(Beginning of Source data)
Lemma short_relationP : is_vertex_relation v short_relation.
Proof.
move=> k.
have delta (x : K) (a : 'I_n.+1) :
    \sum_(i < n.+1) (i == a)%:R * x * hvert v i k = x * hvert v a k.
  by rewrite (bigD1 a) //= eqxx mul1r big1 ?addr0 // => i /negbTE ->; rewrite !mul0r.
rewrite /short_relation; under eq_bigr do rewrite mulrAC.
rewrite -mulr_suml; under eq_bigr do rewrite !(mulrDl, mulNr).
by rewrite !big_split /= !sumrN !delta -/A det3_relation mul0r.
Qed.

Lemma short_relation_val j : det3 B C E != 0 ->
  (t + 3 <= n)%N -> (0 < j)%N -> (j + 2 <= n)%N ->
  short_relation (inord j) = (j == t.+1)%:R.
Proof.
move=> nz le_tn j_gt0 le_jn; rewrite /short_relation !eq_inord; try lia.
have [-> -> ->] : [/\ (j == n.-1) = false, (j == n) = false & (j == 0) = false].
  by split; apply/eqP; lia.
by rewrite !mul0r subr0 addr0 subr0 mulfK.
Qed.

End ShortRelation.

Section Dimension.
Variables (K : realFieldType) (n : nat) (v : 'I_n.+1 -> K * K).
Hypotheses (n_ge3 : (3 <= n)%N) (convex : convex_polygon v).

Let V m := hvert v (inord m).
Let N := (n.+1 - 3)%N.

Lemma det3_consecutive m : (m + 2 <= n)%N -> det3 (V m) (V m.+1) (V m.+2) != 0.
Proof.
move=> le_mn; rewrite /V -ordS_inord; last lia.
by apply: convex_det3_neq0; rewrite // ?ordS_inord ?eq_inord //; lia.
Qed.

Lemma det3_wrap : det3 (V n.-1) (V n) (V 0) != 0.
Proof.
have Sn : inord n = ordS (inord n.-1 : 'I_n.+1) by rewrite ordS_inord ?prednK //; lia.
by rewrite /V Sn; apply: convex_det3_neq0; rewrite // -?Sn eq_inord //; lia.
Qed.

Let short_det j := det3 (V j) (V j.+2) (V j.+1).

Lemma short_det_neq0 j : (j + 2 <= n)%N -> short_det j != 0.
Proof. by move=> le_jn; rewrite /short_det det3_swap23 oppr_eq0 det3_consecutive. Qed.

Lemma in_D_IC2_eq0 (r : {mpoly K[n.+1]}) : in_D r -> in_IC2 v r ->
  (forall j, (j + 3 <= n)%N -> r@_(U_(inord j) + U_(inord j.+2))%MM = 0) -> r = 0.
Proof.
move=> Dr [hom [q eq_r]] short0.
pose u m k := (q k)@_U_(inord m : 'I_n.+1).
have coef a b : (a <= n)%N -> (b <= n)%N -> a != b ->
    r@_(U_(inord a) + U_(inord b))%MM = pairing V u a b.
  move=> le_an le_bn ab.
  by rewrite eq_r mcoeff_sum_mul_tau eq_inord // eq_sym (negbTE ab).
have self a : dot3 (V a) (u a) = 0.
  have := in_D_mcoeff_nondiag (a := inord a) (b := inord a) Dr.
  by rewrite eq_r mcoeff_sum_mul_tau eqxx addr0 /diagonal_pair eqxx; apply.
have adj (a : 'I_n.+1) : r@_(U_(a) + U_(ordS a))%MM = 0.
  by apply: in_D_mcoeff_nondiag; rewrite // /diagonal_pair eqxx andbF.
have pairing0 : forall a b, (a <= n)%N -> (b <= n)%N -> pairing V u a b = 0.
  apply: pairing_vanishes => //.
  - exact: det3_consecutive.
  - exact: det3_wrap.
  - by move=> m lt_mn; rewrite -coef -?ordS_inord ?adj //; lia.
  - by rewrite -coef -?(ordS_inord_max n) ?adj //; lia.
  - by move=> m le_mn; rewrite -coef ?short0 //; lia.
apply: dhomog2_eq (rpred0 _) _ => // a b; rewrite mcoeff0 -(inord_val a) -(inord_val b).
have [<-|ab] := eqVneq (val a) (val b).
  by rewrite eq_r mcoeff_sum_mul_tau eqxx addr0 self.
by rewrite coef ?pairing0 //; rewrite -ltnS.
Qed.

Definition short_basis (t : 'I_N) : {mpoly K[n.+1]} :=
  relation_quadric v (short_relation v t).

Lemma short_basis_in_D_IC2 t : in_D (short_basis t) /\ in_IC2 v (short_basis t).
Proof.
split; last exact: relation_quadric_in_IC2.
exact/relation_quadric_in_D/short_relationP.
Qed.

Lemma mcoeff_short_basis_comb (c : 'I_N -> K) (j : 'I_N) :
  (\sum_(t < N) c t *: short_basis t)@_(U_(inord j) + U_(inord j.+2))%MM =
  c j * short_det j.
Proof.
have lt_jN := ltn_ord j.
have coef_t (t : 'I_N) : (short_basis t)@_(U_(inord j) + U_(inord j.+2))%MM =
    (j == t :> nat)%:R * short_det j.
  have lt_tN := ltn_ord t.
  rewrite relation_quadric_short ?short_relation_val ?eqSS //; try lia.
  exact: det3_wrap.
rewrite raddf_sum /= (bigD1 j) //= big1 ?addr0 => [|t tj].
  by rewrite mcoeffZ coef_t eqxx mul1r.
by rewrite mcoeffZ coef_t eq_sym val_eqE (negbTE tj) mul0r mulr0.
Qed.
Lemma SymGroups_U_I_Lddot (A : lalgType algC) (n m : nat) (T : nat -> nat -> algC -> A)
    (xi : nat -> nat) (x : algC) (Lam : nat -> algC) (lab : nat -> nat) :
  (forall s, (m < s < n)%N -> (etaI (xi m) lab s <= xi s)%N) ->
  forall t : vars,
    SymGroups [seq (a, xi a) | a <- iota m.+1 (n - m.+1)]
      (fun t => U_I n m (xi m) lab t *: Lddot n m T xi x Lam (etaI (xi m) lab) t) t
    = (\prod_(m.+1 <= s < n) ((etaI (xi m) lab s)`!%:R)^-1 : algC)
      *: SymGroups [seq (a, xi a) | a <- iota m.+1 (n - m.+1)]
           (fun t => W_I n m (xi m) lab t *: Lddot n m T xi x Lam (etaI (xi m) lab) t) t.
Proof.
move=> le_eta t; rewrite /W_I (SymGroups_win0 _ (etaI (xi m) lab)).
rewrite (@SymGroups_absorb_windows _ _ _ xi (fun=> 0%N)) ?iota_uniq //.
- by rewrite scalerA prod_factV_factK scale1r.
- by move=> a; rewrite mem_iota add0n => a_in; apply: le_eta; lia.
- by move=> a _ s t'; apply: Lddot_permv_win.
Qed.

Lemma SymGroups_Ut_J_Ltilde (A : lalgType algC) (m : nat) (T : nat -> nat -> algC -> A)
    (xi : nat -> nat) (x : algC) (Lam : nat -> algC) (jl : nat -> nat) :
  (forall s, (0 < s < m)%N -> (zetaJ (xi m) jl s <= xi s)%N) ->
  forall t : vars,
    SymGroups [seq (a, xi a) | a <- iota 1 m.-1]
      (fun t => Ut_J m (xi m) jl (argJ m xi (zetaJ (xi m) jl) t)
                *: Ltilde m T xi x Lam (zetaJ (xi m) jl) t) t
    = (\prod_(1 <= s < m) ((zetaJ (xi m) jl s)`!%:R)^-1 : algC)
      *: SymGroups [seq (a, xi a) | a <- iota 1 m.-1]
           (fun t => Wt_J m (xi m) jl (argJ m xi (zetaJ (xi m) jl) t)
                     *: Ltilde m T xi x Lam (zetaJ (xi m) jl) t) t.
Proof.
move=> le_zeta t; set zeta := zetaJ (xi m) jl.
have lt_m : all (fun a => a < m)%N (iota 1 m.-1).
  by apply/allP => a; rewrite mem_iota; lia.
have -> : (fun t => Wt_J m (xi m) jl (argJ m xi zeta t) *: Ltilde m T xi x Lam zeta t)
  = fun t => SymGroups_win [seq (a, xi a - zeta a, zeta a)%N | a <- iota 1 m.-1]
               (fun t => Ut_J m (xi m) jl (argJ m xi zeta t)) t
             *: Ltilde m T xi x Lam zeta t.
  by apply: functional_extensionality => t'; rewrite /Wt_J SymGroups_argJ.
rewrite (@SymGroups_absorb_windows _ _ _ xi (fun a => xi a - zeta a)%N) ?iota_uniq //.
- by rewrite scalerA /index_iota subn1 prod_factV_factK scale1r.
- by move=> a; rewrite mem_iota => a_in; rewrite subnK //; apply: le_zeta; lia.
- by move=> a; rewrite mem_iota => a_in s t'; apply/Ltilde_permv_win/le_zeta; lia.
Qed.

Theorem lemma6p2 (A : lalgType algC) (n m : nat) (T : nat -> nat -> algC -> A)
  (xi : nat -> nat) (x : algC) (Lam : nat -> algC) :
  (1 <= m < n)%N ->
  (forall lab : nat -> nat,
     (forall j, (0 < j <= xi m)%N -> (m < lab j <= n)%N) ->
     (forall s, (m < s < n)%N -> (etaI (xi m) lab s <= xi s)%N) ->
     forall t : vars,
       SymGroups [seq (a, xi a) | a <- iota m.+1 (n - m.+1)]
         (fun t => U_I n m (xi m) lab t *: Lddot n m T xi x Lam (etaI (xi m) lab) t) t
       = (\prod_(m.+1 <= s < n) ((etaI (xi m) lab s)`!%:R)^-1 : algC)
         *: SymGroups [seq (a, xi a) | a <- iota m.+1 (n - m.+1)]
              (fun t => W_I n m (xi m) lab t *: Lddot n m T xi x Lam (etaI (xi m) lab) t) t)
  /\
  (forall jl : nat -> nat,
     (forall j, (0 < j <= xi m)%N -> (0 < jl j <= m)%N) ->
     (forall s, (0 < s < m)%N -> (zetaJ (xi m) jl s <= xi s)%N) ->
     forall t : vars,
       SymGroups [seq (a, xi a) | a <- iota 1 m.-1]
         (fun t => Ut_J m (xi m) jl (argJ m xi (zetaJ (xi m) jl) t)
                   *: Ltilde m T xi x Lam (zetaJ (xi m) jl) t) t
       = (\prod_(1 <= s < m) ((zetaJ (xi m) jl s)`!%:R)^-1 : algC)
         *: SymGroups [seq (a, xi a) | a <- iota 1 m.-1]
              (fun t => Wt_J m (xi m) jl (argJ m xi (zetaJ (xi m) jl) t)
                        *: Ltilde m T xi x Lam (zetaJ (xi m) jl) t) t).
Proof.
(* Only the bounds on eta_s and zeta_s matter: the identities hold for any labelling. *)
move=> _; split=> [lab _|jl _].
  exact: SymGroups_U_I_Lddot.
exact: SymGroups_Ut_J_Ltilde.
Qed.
(End of Source data)
=== Task goal ===
Copy out the lines above that hold the string "self".

=== Written solution ===
have self a : dot3 (V a) (u a) = 0.
  by rewrite eq_r mcoeff_sum_mul_tau eqxx addr0 self.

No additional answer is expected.